Data excerpts START

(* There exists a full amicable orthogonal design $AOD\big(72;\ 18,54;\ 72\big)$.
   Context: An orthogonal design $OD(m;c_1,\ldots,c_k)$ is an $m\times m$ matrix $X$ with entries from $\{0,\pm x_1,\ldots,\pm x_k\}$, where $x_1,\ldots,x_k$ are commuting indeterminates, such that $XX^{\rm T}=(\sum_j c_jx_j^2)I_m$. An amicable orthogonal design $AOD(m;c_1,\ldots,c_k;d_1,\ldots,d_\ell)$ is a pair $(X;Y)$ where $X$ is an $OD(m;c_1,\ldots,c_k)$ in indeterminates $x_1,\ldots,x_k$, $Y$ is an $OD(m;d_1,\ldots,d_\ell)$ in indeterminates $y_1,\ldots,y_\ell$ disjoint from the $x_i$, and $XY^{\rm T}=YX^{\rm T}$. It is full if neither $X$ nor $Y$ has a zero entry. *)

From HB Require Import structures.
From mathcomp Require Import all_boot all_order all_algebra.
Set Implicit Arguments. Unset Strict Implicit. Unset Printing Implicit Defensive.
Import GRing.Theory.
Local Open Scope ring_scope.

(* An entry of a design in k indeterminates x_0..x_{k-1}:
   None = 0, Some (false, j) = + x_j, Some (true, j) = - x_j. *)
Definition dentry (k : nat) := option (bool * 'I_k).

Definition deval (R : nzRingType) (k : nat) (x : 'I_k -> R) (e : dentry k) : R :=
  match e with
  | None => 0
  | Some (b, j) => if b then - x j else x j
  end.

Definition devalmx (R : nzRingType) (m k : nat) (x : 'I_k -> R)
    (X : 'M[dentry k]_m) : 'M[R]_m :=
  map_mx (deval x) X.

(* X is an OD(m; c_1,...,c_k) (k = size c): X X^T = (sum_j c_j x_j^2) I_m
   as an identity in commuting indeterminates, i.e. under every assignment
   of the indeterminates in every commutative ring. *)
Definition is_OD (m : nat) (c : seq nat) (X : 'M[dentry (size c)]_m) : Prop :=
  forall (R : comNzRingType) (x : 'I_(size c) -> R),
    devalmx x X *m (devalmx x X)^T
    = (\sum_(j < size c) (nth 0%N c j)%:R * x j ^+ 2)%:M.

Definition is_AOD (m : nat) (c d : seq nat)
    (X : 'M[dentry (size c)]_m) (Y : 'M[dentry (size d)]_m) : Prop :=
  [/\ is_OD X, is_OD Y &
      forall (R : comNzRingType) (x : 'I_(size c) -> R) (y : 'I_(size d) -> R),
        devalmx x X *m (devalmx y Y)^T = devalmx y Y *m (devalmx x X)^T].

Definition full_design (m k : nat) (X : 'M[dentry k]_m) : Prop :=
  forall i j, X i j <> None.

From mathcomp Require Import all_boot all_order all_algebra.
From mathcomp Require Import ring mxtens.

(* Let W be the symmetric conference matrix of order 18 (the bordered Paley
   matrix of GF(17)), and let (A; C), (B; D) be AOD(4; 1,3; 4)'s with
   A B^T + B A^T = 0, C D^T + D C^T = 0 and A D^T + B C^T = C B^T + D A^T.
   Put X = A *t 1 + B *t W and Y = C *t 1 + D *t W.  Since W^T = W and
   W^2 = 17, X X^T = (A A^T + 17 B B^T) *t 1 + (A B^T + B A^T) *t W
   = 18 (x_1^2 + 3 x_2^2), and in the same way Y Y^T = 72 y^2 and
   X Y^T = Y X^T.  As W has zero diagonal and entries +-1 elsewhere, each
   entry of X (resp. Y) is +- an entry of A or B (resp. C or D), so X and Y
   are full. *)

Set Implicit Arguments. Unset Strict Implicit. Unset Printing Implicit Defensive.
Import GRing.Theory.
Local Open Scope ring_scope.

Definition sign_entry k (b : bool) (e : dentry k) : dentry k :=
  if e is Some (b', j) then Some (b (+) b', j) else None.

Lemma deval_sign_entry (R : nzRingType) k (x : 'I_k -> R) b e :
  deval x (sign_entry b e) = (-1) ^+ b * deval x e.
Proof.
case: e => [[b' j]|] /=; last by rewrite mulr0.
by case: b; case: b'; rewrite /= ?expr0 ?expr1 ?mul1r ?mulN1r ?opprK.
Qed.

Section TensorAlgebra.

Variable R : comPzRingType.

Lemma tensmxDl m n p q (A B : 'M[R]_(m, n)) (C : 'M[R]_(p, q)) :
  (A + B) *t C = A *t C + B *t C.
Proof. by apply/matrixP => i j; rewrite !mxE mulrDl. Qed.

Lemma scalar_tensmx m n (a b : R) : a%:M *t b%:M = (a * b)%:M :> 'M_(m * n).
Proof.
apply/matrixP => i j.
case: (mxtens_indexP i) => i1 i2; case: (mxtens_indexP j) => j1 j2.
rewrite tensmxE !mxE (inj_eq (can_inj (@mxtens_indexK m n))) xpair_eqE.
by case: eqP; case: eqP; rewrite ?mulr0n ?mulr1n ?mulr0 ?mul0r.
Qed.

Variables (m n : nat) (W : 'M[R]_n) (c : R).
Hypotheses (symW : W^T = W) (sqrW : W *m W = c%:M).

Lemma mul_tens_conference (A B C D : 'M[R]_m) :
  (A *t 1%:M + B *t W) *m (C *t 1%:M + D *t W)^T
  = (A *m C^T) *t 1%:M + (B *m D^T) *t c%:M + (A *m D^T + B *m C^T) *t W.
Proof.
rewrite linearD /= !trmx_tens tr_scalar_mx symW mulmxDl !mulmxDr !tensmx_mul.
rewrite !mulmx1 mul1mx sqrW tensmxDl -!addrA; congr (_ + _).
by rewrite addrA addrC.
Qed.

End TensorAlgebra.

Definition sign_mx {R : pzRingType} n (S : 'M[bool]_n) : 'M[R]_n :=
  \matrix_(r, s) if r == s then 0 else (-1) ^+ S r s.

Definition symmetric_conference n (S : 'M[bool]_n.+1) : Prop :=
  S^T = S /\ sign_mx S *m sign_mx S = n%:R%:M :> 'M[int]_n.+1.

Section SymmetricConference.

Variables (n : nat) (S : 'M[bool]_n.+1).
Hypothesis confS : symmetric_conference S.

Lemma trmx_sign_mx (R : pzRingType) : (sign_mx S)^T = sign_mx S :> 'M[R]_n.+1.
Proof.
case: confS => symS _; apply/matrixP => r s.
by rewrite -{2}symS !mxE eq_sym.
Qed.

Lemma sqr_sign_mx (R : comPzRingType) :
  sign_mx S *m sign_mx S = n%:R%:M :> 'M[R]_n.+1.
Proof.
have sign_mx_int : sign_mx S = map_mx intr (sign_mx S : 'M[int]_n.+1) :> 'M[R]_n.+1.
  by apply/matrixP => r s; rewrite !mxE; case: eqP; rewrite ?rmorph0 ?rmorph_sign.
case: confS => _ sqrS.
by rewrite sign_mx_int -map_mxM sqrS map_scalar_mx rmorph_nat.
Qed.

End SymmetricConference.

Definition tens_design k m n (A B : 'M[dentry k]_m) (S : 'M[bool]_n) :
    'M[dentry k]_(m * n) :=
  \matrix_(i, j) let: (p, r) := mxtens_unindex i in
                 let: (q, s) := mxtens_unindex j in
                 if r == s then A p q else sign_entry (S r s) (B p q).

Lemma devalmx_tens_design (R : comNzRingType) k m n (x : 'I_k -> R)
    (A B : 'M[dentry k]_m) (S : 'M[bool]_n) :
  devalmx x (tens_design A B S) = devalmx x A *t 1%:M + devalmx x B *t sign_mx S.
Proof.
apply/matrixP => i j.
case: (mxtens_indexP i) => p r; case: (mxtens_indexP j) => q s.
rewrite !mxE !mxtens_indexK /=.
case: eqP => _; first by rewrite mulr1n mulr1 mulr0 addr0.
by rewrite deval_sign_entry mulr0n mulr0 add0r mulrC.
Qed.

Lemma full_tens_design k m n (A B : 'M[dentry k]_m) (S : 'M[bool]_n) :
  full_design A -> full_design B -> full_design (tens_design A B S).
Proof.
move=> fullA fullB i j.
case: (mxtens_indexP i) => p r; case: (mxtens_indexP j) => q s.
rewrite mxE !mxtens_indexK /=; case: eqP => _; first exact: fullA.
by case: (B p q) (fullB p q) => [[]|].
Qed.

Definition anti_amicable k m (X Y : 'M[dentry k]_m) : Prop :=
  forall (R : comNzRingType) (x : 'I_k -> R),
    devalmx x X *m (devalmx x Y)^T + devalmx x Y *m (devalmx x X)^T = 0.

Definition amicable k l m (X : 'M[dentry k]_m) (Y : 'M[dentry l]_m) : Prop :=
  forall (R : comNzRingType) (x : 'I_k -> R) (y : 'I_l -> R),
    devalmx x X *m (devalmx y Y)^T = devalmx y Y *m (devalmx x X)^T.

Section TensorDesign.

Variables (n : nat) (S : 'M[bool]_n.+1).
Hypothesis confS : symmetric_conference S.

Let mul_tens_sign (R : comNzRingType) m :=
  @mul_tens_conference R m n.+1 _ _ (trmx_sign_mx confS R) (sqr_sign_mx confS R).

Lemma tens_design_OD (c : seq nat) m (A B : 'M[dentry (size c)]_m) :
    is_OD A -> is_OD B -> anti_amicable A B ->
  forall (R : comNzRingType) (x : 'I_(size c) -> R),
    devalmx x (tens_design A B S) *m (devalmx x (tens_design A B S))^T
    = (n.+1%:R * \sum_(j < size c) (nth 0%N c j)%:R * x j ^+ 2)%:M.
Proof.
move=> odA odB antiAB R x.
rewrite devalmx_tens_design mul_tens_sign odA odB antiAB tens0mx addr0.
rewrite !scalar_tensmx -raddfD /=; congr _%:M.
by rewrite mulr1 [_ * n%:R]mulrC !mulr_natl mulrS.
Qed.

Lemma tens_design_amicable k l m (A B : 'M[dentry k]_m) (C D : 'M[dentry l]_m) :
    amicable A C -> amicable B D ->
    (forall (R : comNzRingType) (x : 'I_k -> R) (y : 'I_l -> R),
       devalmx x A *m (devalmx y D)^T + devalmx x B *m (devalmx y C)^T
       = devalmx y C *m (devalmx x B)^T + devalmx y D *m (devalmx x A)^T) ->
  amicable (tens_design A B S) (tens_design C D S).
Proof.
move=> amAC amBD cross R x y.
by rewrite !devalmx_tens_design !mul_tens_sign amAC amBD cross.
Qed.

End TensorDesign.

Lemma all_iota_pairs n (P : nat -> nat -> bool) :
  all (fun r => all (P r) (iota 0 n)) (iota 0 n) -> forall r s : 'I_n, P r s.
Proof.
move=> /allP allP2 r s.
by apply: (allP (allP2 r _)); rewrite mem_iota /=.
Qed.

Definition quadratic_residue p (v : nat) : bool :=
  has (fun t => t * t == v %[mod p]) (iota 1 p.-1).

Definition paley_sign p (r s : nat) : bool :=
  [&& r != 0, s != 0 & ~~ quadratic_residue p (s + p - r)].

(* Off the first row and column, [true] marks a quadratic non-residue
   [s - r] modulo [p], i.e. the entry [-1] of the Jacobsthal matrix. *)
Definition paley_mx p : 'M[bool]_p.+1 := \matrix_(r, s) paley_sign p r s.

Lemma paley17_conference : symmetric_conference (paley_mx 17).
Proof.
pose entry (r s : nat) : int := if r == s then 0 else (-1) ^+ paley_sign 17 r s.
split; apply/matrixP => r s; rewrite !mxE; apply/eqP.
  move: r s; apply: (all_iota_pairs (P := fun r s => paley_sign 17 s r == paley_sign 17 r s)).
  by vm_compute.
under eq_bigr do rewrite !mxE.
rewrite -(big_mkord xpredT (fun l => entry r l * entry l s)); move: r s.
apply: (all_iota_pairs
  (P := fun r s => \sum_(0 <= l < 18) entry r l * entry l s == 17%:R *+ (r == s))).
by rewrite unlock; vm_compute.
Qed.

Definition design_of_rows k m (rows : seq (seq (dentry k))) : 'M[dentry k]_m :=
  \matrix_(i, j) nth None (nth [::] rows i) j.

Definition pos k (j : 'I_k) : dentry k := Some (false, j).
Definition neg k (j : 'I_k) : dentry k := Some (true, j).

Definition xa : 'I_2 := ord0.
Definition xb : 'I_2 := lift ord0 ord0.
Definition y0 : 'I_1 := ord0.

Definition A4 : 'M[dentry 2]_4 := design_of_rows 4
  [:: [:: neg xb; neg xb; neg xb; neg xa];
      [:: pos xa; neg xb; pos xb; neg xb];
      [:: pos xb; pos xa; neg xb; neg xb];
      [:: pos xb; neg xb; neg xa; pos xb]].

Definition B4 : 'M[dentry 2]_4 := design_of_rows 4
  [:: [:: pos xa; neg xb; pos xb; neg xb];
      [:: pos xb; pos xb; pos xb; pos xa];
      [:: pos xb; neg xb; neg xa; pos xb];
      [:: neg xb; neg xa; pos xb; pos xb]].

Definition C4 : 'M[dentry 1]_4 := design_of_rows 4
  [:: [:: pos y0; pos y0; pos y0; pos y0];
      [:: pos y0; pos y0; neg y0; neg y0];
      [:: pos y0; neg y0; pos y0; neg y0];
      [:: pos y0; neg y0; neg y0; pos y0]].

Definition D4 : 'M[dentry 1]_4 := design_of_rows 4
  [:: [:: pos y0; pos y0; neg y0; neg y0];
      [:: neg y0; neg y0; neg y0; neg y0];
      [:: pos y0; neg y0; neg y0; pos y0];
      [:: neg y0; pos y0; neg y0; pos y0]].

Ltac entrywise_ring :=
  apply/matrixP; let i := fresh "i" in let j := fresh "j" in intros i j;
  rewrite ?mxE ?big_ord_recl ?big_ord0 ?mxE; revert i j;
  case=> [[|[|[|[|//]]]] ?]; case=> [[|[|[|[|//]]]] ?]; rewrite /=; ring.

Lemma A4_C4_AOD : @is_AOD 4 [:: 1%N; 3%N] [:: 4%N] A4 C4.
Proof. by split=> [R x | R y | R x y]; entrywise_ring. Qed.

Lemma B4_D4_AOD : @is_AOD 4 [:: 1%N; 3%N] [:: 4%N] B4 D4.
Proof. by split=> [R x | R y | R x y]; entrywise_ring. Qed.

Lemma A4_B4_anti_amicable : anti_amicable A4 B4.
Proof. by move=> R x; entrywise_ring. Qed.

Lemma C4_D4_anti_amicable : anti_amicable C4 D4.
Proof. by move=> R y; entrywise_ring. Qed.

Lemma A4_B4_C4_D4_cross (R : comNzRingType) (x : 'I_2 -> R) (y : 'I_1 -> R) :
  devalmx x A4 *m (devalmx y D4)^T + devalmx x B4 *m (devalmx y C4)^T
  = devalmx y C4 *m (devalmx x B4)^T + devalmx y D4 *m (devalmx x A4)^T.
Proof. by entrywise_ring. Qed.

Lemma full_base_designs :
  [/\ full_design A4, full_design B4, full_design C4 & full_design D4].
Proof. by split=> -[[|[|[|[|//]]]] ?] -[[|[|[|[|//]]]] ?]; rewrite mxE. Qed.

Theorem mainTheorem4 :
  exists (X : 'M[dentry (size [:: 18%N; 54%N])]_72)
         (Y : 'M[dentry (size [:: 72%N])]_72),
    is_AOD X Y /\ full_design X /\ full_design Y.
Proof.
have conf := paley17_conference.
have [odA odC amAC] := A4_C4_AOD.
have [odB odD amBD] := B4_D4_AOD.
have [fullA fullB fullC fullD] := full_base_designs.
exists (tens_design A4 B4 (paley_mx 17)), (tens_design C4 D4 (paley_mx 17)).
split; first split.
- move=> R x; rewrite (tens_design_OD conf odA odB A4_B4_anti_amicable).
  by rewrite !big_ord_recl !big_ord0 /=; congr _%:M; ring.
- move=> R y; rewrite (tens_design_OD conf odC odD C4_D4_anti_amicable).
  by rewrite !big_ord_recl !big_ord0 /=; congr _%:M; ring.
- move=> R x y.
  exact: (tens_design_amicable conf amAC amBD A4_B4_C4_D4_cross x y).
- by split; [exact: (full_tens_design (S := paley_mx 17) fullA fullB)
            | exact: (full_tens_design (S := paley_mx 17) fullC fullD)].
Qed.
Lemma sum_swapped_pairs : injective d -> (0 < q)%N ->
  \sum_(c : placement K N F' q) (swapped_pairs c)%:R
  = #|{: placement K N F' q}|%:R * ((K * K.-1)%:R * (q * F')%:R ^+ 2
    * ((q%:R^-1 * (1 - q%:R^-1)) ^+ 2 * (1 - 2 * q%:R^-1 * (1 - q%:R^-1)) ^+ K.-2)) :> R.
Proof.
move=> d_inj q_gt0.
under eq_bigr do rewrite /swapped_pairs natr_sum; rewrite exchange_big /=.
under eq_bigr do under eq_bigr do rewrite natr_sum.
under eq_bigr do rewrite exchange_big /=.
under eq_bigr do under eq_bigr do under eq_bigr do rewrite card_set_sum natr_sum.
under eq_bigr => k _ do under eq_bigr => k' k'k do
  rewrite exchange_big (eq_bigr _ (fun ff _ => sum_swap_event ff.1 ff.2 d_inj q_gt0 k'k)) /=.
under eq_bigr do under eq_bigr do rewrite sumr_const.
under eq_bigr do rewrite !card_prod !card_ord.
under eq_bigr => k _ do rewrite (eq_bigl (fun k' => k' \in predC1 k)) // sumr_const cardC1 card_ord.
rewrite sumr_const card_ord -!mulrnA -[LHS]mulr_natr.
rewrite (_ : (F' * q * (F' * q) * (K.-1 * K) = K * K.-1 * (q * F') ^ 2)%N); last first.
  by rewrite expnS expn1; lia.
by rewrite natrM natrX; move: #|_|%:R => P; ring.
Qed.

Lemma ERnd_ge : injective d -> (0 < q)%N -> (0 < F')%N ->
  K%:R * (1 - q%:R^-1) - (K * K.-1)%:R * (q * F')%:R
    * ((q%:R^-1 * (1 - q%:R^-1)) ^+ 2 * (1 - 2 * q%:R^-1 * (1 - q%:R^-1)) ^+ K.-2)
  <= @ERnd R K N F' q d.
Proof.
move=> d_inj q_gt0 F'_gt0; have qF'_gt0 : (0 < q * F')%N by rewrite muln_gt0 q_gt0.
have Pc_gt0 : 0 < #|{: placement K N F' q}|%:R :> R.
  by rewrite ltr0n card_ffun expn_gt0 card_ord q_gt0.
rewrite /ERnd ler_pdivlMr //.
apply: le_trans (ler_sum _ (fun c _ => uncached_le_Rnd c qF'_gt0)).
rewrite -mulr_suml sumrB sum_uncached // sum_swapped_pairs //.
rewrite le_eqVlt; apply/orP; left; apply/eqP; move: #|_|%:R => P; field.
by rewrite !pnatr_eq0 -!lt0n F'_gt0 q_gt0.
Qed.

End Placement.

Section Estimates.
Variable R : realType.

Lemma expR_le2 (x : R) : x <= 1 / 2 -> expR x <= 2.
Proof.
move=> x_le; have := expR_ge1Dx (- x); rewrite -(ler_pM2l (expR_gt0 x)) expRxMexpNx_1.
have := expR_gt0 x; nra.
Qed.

Data excerpts END

## Work request
Please give again the lines above between the line holding "Definition paley_sign p" and the line holding "[s - r] modulo", inclusive, exactly as they are and with nothing added.

## Your response
Definition paley_sign p (r s : nat) : bool :=
  [&& r != 0, s != 0 & ~~ quadratic_residue p (s + p - r)].

(* Off the first row and column, [true] marks a quadratic non-residue
   [s - r] modulo [p], i.e. the entry [-1] of the Jacobsthal matrix. *)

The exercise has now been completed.